A prospective longitudinal randomized phase 3 treatment trial by Wefel et al.22 on 42 breast cancer patients who were on 5-fluorouracil, doxorubicin and cyclophosphamide with or without paclitaxel using FACT-breast module, neuropsychological tests and mood measures gave the conclusion that acute decline in cognitive function during and/or shortly after chemotherapy occurred in 65% of patients.

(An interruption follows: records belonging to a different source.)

(* Let $G$ be a bipartite graph with ordered colour classes $A,B$ whose edge set is partitioned into $k$ monotone matchings $E_1,\dots,E_k$. Let $G'$ be the unraveling of $G$ with respect to this partition. Then $G'$ is $3$-monotone.
   Context: For a bipartite graph with ordered colour classes $(v_1,\dots,v_n)$ and $(w_1,\dots,w_m)$, edges $v_iw_j$ and $v_kw_\ell$ cross if $i<k$ and $\ell<j$; a matching is monotone if no two of its edges cross; a bipartite graph is $d$-monotone if, for some ordering of its colour classes, its edge set is the union of $d$ monotone matchings. Given a graph $G$ with a partition $E_1,\dots,E_k$ of $E(G)$, the unraveling $G'$ has vertex set $V(G)\times[1,k]=\{v_i: v\in V(G), i\in[1,k]\}$, with an edge $v_iw_i$ for each edge $vw\in E_i$ and each $i\in[1,k]$, and an edge $v_iv_{i+1}$ for each $v\in V(G)$ and $i\in[1,k-1]$. *)

From mathcomp Require Import all_boot.
Set Implicit Arguments. Unset Strict Implicit. Unset Printing Implicit Defensive.

(* ---------- The input graph G ----------
   Colour class A = (v_0,...,v_{n-1}) is 'I_n, B = (w_0,...,w_{m-1}) is 'I_m,
   both ordered by their natural order. *)

Definition bip_monotone_matching (n m : nat) (M : 'I_n -> 'I_m -> bool) : Prop :=
  forall (i k : 'I_n) (j l : 'I_m), M i j -> M k l -> (i, j) != (k, l) ->
    [/\ i != k, j != l & ~~ ((i < k) && (l < j))].

Definition monotone_partition (n m k : nat) (E : 'I_n -> 'I_m -> bool)
    (c : 'I_n -> 'I_m -> 'I_k) : Prop :=
  forall s : 'I_k, bip_monotone_matching (fun i j => E i j && (c i j == s)).

(* ---------- The unraveling G' ----------
   Vertex set V(G) x [1,k], encoded as ('I_n + 'I_m) * 'I_k
   (index s : 'I_k stands for s+1 in [1,k]). *)
Definition unravel_adj (n m k : nat) (E : 'I_n -> 'I_m -> bool)
    (c : 'I_n -> 'I_m -> 'I_k) : rel (('I_n + 'I_m) * 'I_k)%type :=
  fun x y =>
    let: (u, s) := x in
    let: (u', t) := y in
    ((u == u') && ((s.+1 == t :> nat) || (t.+1 == s :> nat)))
    || match u, u' with
       | inl i, inr j => (s == t) && E i j && (c i j == s)
       | inr j, inl i => (s == t) && E i j && (c i j == s)
       | _, _ => false
       end.

(* ---------- d-monotone for a general graph (V, adj) ----------
   A bipartition is given by X (one colour class) and its complement;
   the orderings of both colour classes are encoded by an injective
   rank function r : V -> nat; edges are taken as pairs (a,b), a in X,
   b not in X. *)
Definition crossing (V : Type) (r : V -> nat) (a b a' b' : V) : bool :=
  (r a < r a') && (r b' < r b).

Definition monotone_matching (V : eqType) (r : V -> nat) (M : V -> V -> bool) : Prop :=
  forall a b a' b', M a b -> M a' b' -> (a, b) != (a', b') ->
    [/\ a != a', b != b' & ~~ crossing r a b a' b'].

Definition d_monotone (V : finType) (adj : rel V) (d : nat) : Prop :=
  exists (X : {set V}) (r : V -> nat) (col : V -> V -> 'I_d),
    [/\ injective r,
        (forall x y, adj x y -> (x \in X) != (y \in X)) &
        (forall t : 'I_d, monotone_matching r
            (fun a b => [&& a \in X, b \notin X, adj a b & col a b == t]))].

(** Order the vertices of the unraveling layer by layer, and inside a layer put
    A before B; colour a vertex black when it lies in A on an even layer or in B
    on an odd one.  Every edge then joins two colours, and the edges split into
    three monotone matchings: the edges inside the layers (each layer s carries
    only the monotone matching E_s, and distinct layers are ordered one after
    the other), the edges going up one layer and the edges going down one layer
    (both shift the rank by exactly one layer, so they preserve the order). *)

From mathcomp Require Import all_boot zify.
Set Implicit Arguments. Unset Strict Implicit.

Definition order_preserving_matching (V : eqType) (r : V -> nat) (M : V -> V -> bool)
  : Prop :=
  forall a b a' b', M a b -> M a' b' -> (a, b) != (a', b') ->
    a != a' /\ (r a < r a') = (r b < r b').

Section MonotoneMatchings.
Variables (V : eqType) (r : V -> nat).
Hypothesis r_inj : injective r.

Lemma order_preserving_monotone_matching (M : V -> V -> bool) :
  order_preserving_matching r M -> monotone_matching r M.
Proof.
move=> opM a b a' b' Mab Mab' ne; have [neq_a ltab] := opM _ _ _ _ Mab Mab' ne.
have ne' : (a', b') != (a, b) by rewrite eq_sym.
have [_ ltab'] := opM _ _ _ _ Mab' Mab ne'.
split=> //; last by rewrite /crossing ltab; case: ltngtP.
apply: contra neq_a => /eqP eq_b; subst b'; apply/eqP/r_inj.
by move: ltab ltab'; rewrite !ltnn; case: ltngtP.
Qed.

Lemma monotone_matching_sub (M M' : V -> V -> bool) :
  (forall a b, M a b -> M' a b) -> monotone_matching r M' -> monotone_matching r M.
Proof. by move=> sub mono a b a' b' /sub Mab /sub Mab'; apply: mono. Qed.

Lemma shift_order_preserving (M : V -> V -> bool) (d1 d2 : nat) :
  (forall a b, M a b -> r b + d1 = r a + d2) -> order_preserving_matching r M.
Proof.
move=> shift a b a' b' /shift eq_ab /shift eq_ab' ne; split; last lia.
apply: contra ne => /eqP eq_a; subst a'.
suff -> : b = b' by [].
by apply: r_inj; lia.
Qed.

Lemma layered_order_preserving (l : V -> nat) (M : V -> V -> bool) :
  (forall x y, l x < l y -> r x < r y) ->
  (forall a b, M a b -> l a = l b) ->
  (forall a b a' b', M a b -> M a' b' -> l a = l a' -> (a, b) != (a', b') ->
     a != a' /\ (r a < r a') = (r b < r b')) ->
  order_preserving_matching r M.
Proof.
move=> r_mono flat in_layer a b a' b' Mab Mab' ne.
have l_ab := flat _ _ Mab; have l_ab' := flat _ _ Mab'.
case: (ltngtP (l a) (l a')) => [lt_l | lt_l | eq_l]; last exact: in_layer.
- split; first by apply: contraTneq lt_l => ->; rewrite ltnn.
  by rewrite !r_mono // -?l_ab -?l_ab'.
- split; first by apply: contraTneq lt_l => ->; rewrite ltnn.
  have lt_ra := r_mono _ _ lt_l.
  have lt_rb : r b' < r b by rewrite r_mono -?l_ab -?l_ab'.
  by apply/idP/idP; lia.
Qed.

End MonotoneMatchings.

Lemma bip_monotone_matching_order (n m : nat) (M : 'I_n -> 'I_m -> bool)
    (i i' : 'I_n) (j j' : 'I_m) :
  bip_monotone_matching M -> M i j -> M i' j' -> (i, j) != (i', j') ->
  [/\ i != i', j != j' & (i < i') = (j < j')].
Proof.
move=> mono Mij Mij' ne; have [ne_i ne_j nocross] := mono _ _ _ _ Mij Mij' ne.
have ne' : (i', j') != (i, j) by rewrite eq_sym.
have [_ _ nocross'] := mono _ _ _ _ Mij' Mij ne'.
split=> //; move: ne_i ne_j nocross nocross'.
by case: (ltngtP i i') => [||/val_inj->]; case: (ltngtP j j') => [||/val_inj->];
  rewrite ?eqxx.
Qed.

Section Unraveling.
Variables (n m k : nat) (E : 'I_n -> 'I_m -> bool) (c : 'I_n -> 'I_m -> 'I_k).
Local Notation V := (('I_n + 'I_m) * 'I_k)%type.
Local Notation adj := (unravel_adj E c).

Definition base_code (u : 'I_n + 'I_m) : nat :=
  match u with inl i => i | inr j => n + j end.

Definition unravel_rank (x : V) : nat := x.2 * (n + m) + base_code x.1.

Definition unravel_side : {set V} := [set x : V | is_inl x.1 (+) odd x.2].

Definition unravel_colour (x y : V) : 'I_3 :=
  if x.2 < y.2 then @Ordinal 3 1 isT
  else if y.2 < x.2 then @Ordinal 3 2 isT else @Ordinal 3 0 isT.

Lemma base_code_lt u : base_code u < n + m.
Proof. by case: u => [i|j] /=; [have := ltn_ord i | have := ltn_ord j]; lia. Qed.

Lemma base_code_inj : injective base_code.
Proof.
case=> [i|j] [i'|j'] /= eq_code.
- by congr inl; apply: val_inj.
- by have := ltn_ord i; lia.
- by have := ltn_ord i'; lia.
- by congr inr; apply: val_inj => /=; lia.
Qed.

Lemma unravel_rank_inj : injective unravel_rank.
Proof.
case=> [u s] [u' t] /(congr1 (edivn^~ (n + m))).
rewrite /unravel_rank /= !edivn_eq ?base_code_lt // => -[/val_inj-> /base_code_inj->].
by [].
Qed.

Lemma unravel_rank_layer_lt (x y : V) : x.2 < y.2 -> unravel_rank x < unravel_rank y.
Proof.
move=> lt_xy; have := base_code_lt x.1.
have : x.2.+1 * (n + m) <= y.2 * (n + m) by rewrite leq_mul2r lt_xy orbT.
by rewrite /unravel_rank mulSn; lia.
Qed.

Lemma unravel_rank_same_layer (u u' : 'I_n + 'I_m) (s : 'I_k) :
  (unravel_rank (u, s) < unravel_rank (u', s)) = (base_code u < base_code u').
Proof. exact: ltn_add2l. Qed.

Lemma unravel_adj_sym : symmetric adj.
Proof.
case=> [u s] [u' t]; rewrite /unravel_adj.
case: u u' => [i|j] [i'|j'] /=; try by rewrite !orbF eq_sym [X in _ = _ && X]orbC.
all: by rewrite [t == s]eq_sym; case: eqP => // ->.
Qed.

Lemma unravel_adj_up (x y : V) : adj x y -> x.2 < y.2 ->
  unravel_rank y = unravel_rank x + (n + m).
Proof.
case: x y => [u s] [u' t] /orP[/andP[/eqP<- /orP[]/eqP] | ] /=.
- by rewrite /unravel_rank /= => <- _; rewrite mulSn; lia.
- by move=> <-; rewrite ltnNge leqnSn.
- by case: u u' => [i|j] [i'|j'] // /andP[/andP[/eqP-> _] _]; rewrite ltnn.
Qed.

Lemma unravel_adj_same_layer (x y : V) : adj x y -> x.2 = y.2 ->
  exists i j, [/\ E i j, c i j = x.2 &
    (x.1, y.1) = (inl i, inr j) \/ (x.1, y.1) = (inr j, inl i)].
Proof.
case: x y => [u s] [u' t] /orP[/andP[_ /orP[]/eqP layer_step] | ] /=.
- by move/(congr1 val) => /=; lia.
- by move/(congr1 val) => /=; lia.
case: u u' => [i|j] [i'|j'] // /andP[/andP[_ Eij] /eqP cij] _.
- by exists i, j'; split=> //; left.
- by exists i', j; split=> //; right.
Qed.

Lemma unravel_side_bipartite x y :
  adj x y -> (x \in unravel_side) != (y \in unravel_side).
Proof.
rewrite !inE; case: x y => [u s] [u' t] /orP[/andP[/eqP<- /orP[]/eqP<-] | ] /=.
- by case: (is_inl u); case: (odd s).
- by case: (is_inl u); case: (odd t).
- by case: u u' => [i|j] [i'|j'] // /andP[/andP[/eqP-> _] _] /=; case: (odd _).
Qed.

Lemma up_edges_monotone :
  monotone_matching unravel_rank (fun x y => adj x y && (x.2 < y.2)).
Proof.
apply: (order_preserving_monotone_matching unravel_rank_inj).
apply: (shift_order_preserving unravel_rank_inj (d1 := 0) (d2 := n + m)).
by move=> x y /andP[xy lt_xy]; rewrite addn0; apply: unravel_adj_up.
Qed.

Lemma down_edges_monotone :
  monotone_matching unravel_rank (fun x y => adj x y && (y.2 < x.2)).
Proof.
apply: (order_preserving_monotone_matching unravel_rank_inj).
apply: (shift_order_preserving unravel_rank_inj (d1 := n + m) (d2 := 0)).
move=> x y /andP[xy lt_yx]; rewrite addn0.
by apply/esym/unravel_adj_up; rewrite // unravel_adj_sym.
Qed.

Hypothesis partition_monotone : monotone_partition E c.

Lemma flat_edges_order_preserving_in_layer (x y x' y' : V) :
  [&& x \in unravel_side, y \notin unravel_side, adj x y & x.2 == y.2] ->
  [&& x' \in unravel_side, y' \notin unravel_side, adj x' y' & x'.2 == y'.2] ->
  x.2 = x'.2 :> nat -> (x, y) != (x', y') ->
  x != x' /\ (unravel_rank x < unravel_rank x') = (unravel_rank y < unravel_rank y').
Proof.
case: x y x' y' => [u s] [v t] [u' s'] [v' t'] /=.
move=> /and4P[uX _ uv /eqP st] /and4P[uX' _ uv' /eqP st'] /val_inj ss' ne.
subst t s' t'; rewrite !inE /= in uX uX'.
have [i [j [Eij cij /= orient]]] :=
  unravel_adj_same_layer (x := (u, s)) (y := (v, s)) uv erefl.
have [i' [j' [Eij' cij' /= orient']]] :=
  unravel_adj_same_layer (x := (u', s)) (y := (v', s)) uv' erefl.
have in_class_s : forall i0 j0, E i0 j0 -> c i0 j0 = s -> E i0 j0 && (c i0 j0 == s).
  by move=> ? ? -> ->; rewrite eqxx.
case: orient orient' uX uX' ne => [[-> ->]|[-> ->]] [[-> ->]|[-> ->]] /=;
  try by case: (odd s).
all: move=> _ _ ne.
all: have ne_ij : (i, j) != (i', j') by apply: contraNneq ne => -[<- <-].
all: have [ne_i ne_j lt_ij] := bip_monotone_matching_order
  (partition_monotone (s := s)) (in_class_s _ _ Eij cij) (in_class_s _ _ Eij' cij') ne_ij.
all: rewrite !unravel_rank_same_layer /= ?ltn_add2l.
- by split=> //; apply: contra ne_i => /eqP[->].
- by split; [apply: contra ne_j => /eqP[->] | rewrite lt_ij].
Qed.

Lemma flat_edges_monotone : monotone_matching unravel_rank
  (fun x y => [&& x \in unravel_side, y \notin unravel_side, adj x y & x.2 == y.2]).
Proof.
apply: (order_preserving_monotone_matching unravel_rank_inj).
apply: (layered_order_preserving (l := fun x : V => val x.2)).
- exact: unravel_rank_layer_lt.
- by move=> x y /and4P[_ _ _ /eqP->].
- exact: flat_edges_order_preserving_in_layer.
Qed.

Lemma unravel_3_monotone : d_monotone adj 3.
Proof.
exists unravel_side, unravel_rank, unravel_colour; split.
- exact: unravel_rank_inj.
- exact: unravel_side_bipartite.
case=> [[|[|[|//]]] ?].
- apply: monotone_matching_sub flat_edges_monotone => x y /and4P[-> -> -> /=].
  by rewrite /unravel_colour; case: ltngtP => // /val_inj->.
- apply: monotone_matching_sub up_edges_monotone => x y /and4P[_ _ -> /=].
  by rewrite /unravel_colour; case: ltngtP.
- apply: monotone_matching_sub down_edges_monotone => x y /and4P[_ _ -> /=].
  by rewrite /unravel_colour; case: ltngtP.
Qed.

End Unraveling.

Theorem lemma8 (n m k : nat) (E : 'I_n -> 'I_m -> bool) (c : 'I_n -> 'I_m -> 'I_k) :
  monotone_partition E c -> d_monotone (unravel_adj E c) 3.
Proof. exact: unravel_3_monotone. Qed.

Late cognitive decline occurred in 61% of patients, with approximately 30% of these patients demonstrating new onset, delayed cognitive dysfunction that was not present earlier.

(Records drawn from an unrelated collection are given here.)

Lemma splits_letter_false Q w : (forall x, Q (false :: x) = last false x) ->
  splits letter_word Q (false :: w) = splits letter_word Q w + splits letter_word (last false) w.
Proof.
move=> Q0; rewrite splits_cons (eq_splits _ letter_word_false (frefl Q)).
by rewrite (eq_splits _ (frefl letter_word) Q0).
Qed.

Lemma splits_letter_zeros Q j w : (forall x, Q (false :: x) = last false x) ->
  splits letter_word Q (nseq j false ++ w) + splits letter_word (last false) w =
  splits letter_word Q w + 2 ^ j * splits letter_word (last false) w.
Proof.
have last_zeros i : splits letter_word (last false) (nseq i false ++ w) =
                    2 ^ i * splits letter_word (last false) w.
  by elim: i => [|i IH]; rewrite ?mul1n //= splits_letter_false // IH expnS -mulnA mul2n addnn.
move=> Q0; elim: j => [|j IH]; first by rewrite mul1n.
by rewrite /= splits_letter_false // last_zeros expnS; lia.
Qed.

Lemma CfE t :
  Cf t = Posz (\sum_(1 <= j < (size t).+1) 2 ^ (sumn (take j t) - j) + 2 ^ (sumn t - size t)).
Proof. by case: t => //; rewrite big_geq. Qed.

Lemma leq_sumn_take s j : all (fun i => 0 < i) s -> j <= size s -> j <= sumn (take j s).
Proof. by elim: s j => [|a s IH] [|j] //= /andP[a_gt0 /IH] /[apply]; lia. Qed.

Lemma Cf_cons r s : 0 < r -> all (fun i => 0 < i) s ->
  Cf (r :: s) = (Posz (2 ^ r.-1) * (1 + Cf s))%R.
Proof.
move=> r_gt0 s_pos; rewrite !CfE -PoszD -PoszM; congr Posz.
rewrite [size _]/= big_ltn // big_add1 /= take0 addn0 !mulnDr muln1 big_distrr addnA.
congr (_ + _ + _); first by congr (_ ^ _); lia.
  apply: eq_big_nat => i /andP[i_gt0 i_le] /=; rewrite -expnD; congr (_ ^ _).
  by have := leq_sumn_take s_pos i_le; lia.
by rewrite -expnD; congr (_ ^ _); have := leq_sumn_take s_pos (leqnn _); rewrite take_size; lia.
Qed.

Lemma splits_letter_last_cons r t :
  let E := splits letter_word (last true) (rhoinv t) in
  splits letter_word (last true) (rhoinv (r :: t)) + ((t != [::]) + E) =
  1 + E + 2 ^ r.-1 * ((t != [::]) + E).
Proof.
have := splits_letter_zeros r.-1 (true :: rhoinv t) (Q := last true) (fun x => erefl).
by rewrite -rhoinv_cons !splits_letter_true !last_rhoinv orbF orbT.
Qed.

Lemma splits_letter_last r t : 0 < r -> all (fun i => 0 < i) t ->
  Posz (splits letter_word (last true) (rhoinv (r :: t))) = Cf (belast r t).
Proof.
elim: t r => [|r' t IH] r r_gt0 t_pos.
  by have := splits_letter_last_cons r [::]; rewrite splits_nil /=; lia.
have belast_pos := all_belast t_pos.
case/andP: t_pos => r'_gt0 t_pos; rewrite [belast _ _]/= Cf_cons // -IH //.
by have /= := splits_letter_last_cons r (r' :: t); lia.
Qed.

Lemma splits_letter_admissible r r' t : 0 < r -> 0 < r' -> all (fun i => 0 < i) t ->
  Posz (splits letter_word admissible_word (rhoinv [:: r, r' & t])) =
  (Cf (belast r (r' :: t)) - Cf (belast r' t) - (if r' == 1 then 1 else 0))%R.
Proof.
move=> r_gt0 r'_gt0 t_pos.
have := splits_letter_zeros r.-1 (true :: rhoinv (r' :: t)) (Q := admissible_word) (fun x => erefl).
rewrite -rhoinv_cons !splits_letter_true admissible_rhoinv // last_rhoinv splits_pred0r.
have belast_pos : all (fun i => 0 < i) (belast r' t) by apply: all_belast; rewrite /= r'_gt0.
rewrite [belast _ _]/= Cf_cons // -splits_letter_last // orbF [r' :: t != [::]]/=.
(* [set] identifies [last true] with the convertible [fun x => last false (true :: x)]. *)
set e := splits _ (last true) _.
have -> : (1 < r') = (r' != 1) by case: (r') r'_gt0 => [|[]].
by case: (r' == 1) => /=; lia.
Qed.

Lemma rhoinv_cat s1 s2 : rhoinv (s1 ++ s2) = rhoinv s1 ++ rhoinv s2.
Proof. by rewrite /rhoinv map_cat flatten_cat. Qed.

Lemma rho_perm_comps k n t x :
  t \in comps k n -> last true x -> perm_eq x (rhoinv t) -> rho x \in comps k n.
Proof.
rewrite !mem_comps => /and3P[/eqP <- t_pos /eqP <-] x_last x_perm.
rewrite /rho size_rho_aux sumn_rho_aux // all_rho_aux (permP x_perm) (perm_size x_perm).
by rewrite count_rhoinv size_rhoinv // !eqxx.
Qed.

Lemma count_rho_shuffle u v w : last true u -> last true v -> all (fun i => 0 < i) w ->
  count (fun x => rho x == w) (shuffle u v) = count_mem (rhoinv w) (shuffle u v).
Proof.
move=> u_last v_last w_pos; apply: eq_in_count => x x_in /=.
have x_last := last_shuffle x_in u_last v_last.
by apply/eqP/eqP => [<- | ->]; [rewrite rhoinv_rho | rewrite rho_rhoinv].
Qed.

Lemma letter_wordP U : letter_word U -> count id U = 1 /\ 0 < size U.
Proof. by move=> /eqP ->; rewrite count_rhoinv rhoinv_cons size_cat addnS. Qed.

Lemma admissible_wordE V : admissible_word V = last true V && (1 < nth 0 (rho V) 0).
Proof.
case: V => [|[] V] /=; rewrite ?andbF //.
by case V_last: (last false V) => //; rewrite (head_rho_aux 1 V_last).
Qed.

Jim et al.23 had conducted a case-control study on 187 breast cancer patients and an equal number of non cancer controls using the mental abilities questionnaire, National Adult Reading Test (NART), California Verbal Learning Test (CVLT), Trails A subtest of the trail making test, Visual reproduction subtest of the Weschler Memory Scales-III [WMS-III], Digit symbol subtest of the WAIS-III. The study concluded that the resulting cognitive deficits noted in breast cancer survivors are relatively subtle and are the result of the general effects of cancer rather than systemic treatment.

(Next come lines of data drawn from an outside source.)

(* Let $\phi_1,\phi_2:\mathbb R^n\to\mathbb R$ both satisfy the standing assumption, let $f_1,f_2:\mathbb R^n\to\overline{\mathbb R}$ be proper, lsc, convex, with $f_i$ a-smooth relative to $\phi_i$ ($i=1,2$), and let $a_1,a_2>0$. Assume that one of $f_1,f_2$ is bounded below and the other is coercive, or that one of them is super-coercive. Then $(a_1\star f_1)\,\square\,(a_2\star f_2)$ is a-smooth relative to the reference function $\phi:=(a_1\star\phi_1)\,\square\,(a_2\star\phi_2)$.
   Context: Standing assumption on a reference function $\psi:\mathbb R^n\to\mathbb R$: convex, finite-valued, differentiable and strictly convex (Legendre with full domain), super-coercive ($\psi(x)/\|x\|\to\infty$). Epi-scaling: $(a\star f)(x)=af(x/a)$. Infimal convolution: $(g\,\square\,h)(x)=\inf_y g(y)+h(x-y)$. Coercive: $f(x)\to\infty$ as $\|x\|\to\infty$. A proper lsc $h$ is a-weakly convex relative to $\psi$ if for every $(\bar x,\bar v)\in\operatorname{graph}\partial h$ (limiting subdifferential): $h(x)\ge h(\bar x)-\psi(x-\bar x+\nabla\psi^*(-\bar v))+\psi(\nabla\psi^*(-\bar v))$ for all $x$; $f$ is a-smooth relative to $\psi$ if $f$ is real-valued, continuously differentiable, and both $f$ and $-f$ are a-weakly convex relative to $\psi$. *)

From HB Require Import structures.
From mathcomp Require Import all_boot all_order all_algebra.
From mathcomp Require Import all_classical all_reals.
From mathcomp Require Import ereal.
Set Implicit Arguments. Unset Strict Implicit. Unset Printing Implicit Defensive.
Import Order.TTheory GRing.Theory Num.Theory.
Local Open Scope classical_set_scope.
Local Open Scope ring_scope.

Section Defs.
Variables (R : realType) (n : nat).
Notation vec := 'rV[R]_n.

Definition dotp (x y : vec) : R := \sum_(i < n) x ord0 i * y ord0 i.
Definition enorm (x : vec) : R := Num.sqrt (dotp x x).

Definition has_gradient (g : vec -> R) (x gx : vec) : Prop :=
  forall eps : R, 0 < eps -> exists2 del : R, 0 < del & forall y : vec,
    enorm (y - x) < del ->
    `| g y - g x - dotp gx (y - x) | <= eps * enorm (y - x).

Definition differentiable_everywhere (g : vec -> R) : Prop :=
  forall x, exists gx, has_gradient g x gx.

Definition vcontinuous (G : vec -> vec) : Prop :=
  forall x (eps : R), 0 < eps -> exists2 del : R, 0 < del & forall y,
    enorm (y - x) < del -> enorm (G y - G x) < eps.

Definition C1 (g : vec -> R) : Prop :=
  exists G : vec -> vec, (forall x, has_gradient g x (G x)) /\ vcontinuous G.

(* Convex conjugate (real-valued; finite under the standing assumption) *)
Definition conjugate (psi : vec -> R) (y : vec) : R :=
  fine (ereal_sup [set ((dotp x y - psi x)%:E) | x in setT]).

Definition standing_assumption (psi : vec -> R) : Prop :=
  [/\ (forall x y (t : R), 0 <= t <= 1 ->
         psi (t *: x + (1 - t) *: y) <= t * psi x + (1 - t) * psi y),
      differentiable_everywhere psi,
      (forall x y (t : R), x != y -> 0 < t < 1 ->
         psi (t *: x + (1 - t) *: y) < t * psi x + (1 - t) * psi y)
    & (forall M : R, exists r : R, forall x, r <= enorm x -> M * enorm x <= psi x)].

Local Open Scope ereal_scope.

Definition proper_fun (h : vec -> \bar R) : Prop :=
  (forall x, h x != -oo) /\ (exists x, h x \is a fin_num).

Definition lsc (h : vec -> \bar R) : Prop :=
  forall x (t : R), t%:E < h x -> exists2 del : R, (0 < del)%R &
    forall y, (enorm (y - x) < del)%R -> t%:E < h y.

Definition convex_fun (h : vec -> \bar R) : Prop :=
  forall (x y : vec) (t : R), (0 < t < 1)%R ->
    h (t *: x + (1 - t) *: y)%R <= t%:E * h x + (1 - t)%:E * h y.

Definition bounded_below (h : vec -> \bar R) : Prop :=
  exists m : R, forall x, m%:E <= h x.

Definition coercive (h : vec -> \bar R) : Prop :=
  forall M : R, exists r : R, forall x, (r <= enorm x)%R -> M%:E <= h x.

Definition supercoercive (h : vec -> \bar R) : Prop :=
  forall M : R, exists r : R, forall x, (r <= enorm x)%R -> (M * enorm x)%:E <= h x.

Definition frechet_subgrad (h : vec -> \bar R) (x v : vec) : Prop :=
  h x \is a fin_num /\
  forall eps : R, (0 < eps)%R -> exists2 del : R, (0 < del)%R & forall y,
    (enorm (y - x) < del)%R ->
    h x + (dotp v (y - x)%R - eps * enorm (y - x))%:E <= h y.

Definition limiting_subgrad (h : vec -> \bar R) (x v : vec) : Prop :=
  h x \is a fin_num /\
  exists (xs vs : nat -> vec),
    (forall k, frechet_subgrad h (xs k) (vs k)) /\
    (forall eps : R, (0 < eps)%R -> exists N : nat, forall k, (N <= k)%N ->
       [/\ (enorm (xs k - x) < eps)%R, (enorm (vs k - v) < eps)%R,
           h (xs k) \is a fin_num & (`| fine (h (xs k)) - fine (h x) | < eps)%R]).

Definition weakly_convex_rel (psi : vec -> R) (h : vec -> \bar R) : Prop :=
  proper_fun h /\ lsc h /\
  forall xb vb, limiting_subgrad h xb vb ->
    forall w, has_gradient (conjugate psi) (- vb) w ->
      forall x, h xb + (- psi (x - xb + w)%R + psi w)%:E <= h x.

Definition smooth_rel (psi : vec -> R) (f : vec -> \bar R) : Prop :=
  [/\ (forall x, f x \is a fin_num), C1 (fun x => fine (f x)),
      weakly_convex_rel psi f & weakly_convex_rel psi (fun x => - f x)].

Definition escale (a : R) (f : vec -> \bar R) (x : vec) : \bar R :=
  a%:E * f (a^-1 *: x)%R.

Definition infconv (g h : vec -> \bar R) (x : vec) : \bar R :=
  ereal_inf [set g y + h (x - y)%R | y in setT].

A prospective, multi-centre, longitudinal study by Hermelink et al.24 on 101 breast cancer patients on Epirubicin, paclitaxel, cyclophosphamide and darbepoetin α using Questionnaire of Experienced Attention Deficits (FEDA), cognitive function scale of EORTC QoL questionnaire C30, hospital anxiety and depression scale (HADS) and neuropsychological tests in 2007 revealed that the patient’s reports of cognitive problems increased during chemotherapy and those problems were not related significantly to cognitive test results but rather to anxiety and depression.

Kohli et al.25 had conducted a multicentre longitudinal study on 595 cancer patients diagnosed with breast, hematologic, GI, lung, prostate or head and neck cancers in 2007. Cognitive symptoms were assessed using Karnofsky performance status and the symptom inventory and it was found that cognitive impairment is a debilitating and prevalent adverse effect and cognitive problems are associated with cancer and its treatment.

A prospective case-control study was conducted by Stewart et al.26 on breast cancer patients. The study enrolled 61 breast cancer patients on adjuvant chemotherapy and a control group of 51 womens who were on adjuvant hormonal therapy. Neuropsychological testing and mood rating scale were used as assessment techniques. The study reported that a threefold greater risk of cognitive decline was found in the chemotherapy patients compared to the hormonal patients27,28.

CONCLUSION

This review conveys a positive correlation between cancer chemotherapeutic regimens and decline in the level of cognitive functioning. It brings out the fact that mechanisms like oxidative stress induced by treatment characteristics like dosage, duration, type of regimen, genetic factors like ApoE4, COMT-Val, etc., imbalance in cytokines like IL-6,TNF-alpha, IL-1 beta which act as mediating factors for CNS damage which leads to cognitive dysfunction, hormonal factors like oestrogen, progesterone cause telomere shortening leading to the primary outcome of CNS damage which results in chemo brain which reduces the quality of life of cancer patients. Patients with any type of cancer, treated with chemotherapy drugs experience a substantial decline in level of cognitive function.

SIGNIFICANCE STATEMENT

This study identified a significant correlation between cancer chemotherapeutic regimens and decline in the level of cognitive functioning. The findings of this study will be helpful to healthcare professionals especially to oncologists to in choosing the chemotherapeutic drug regimen.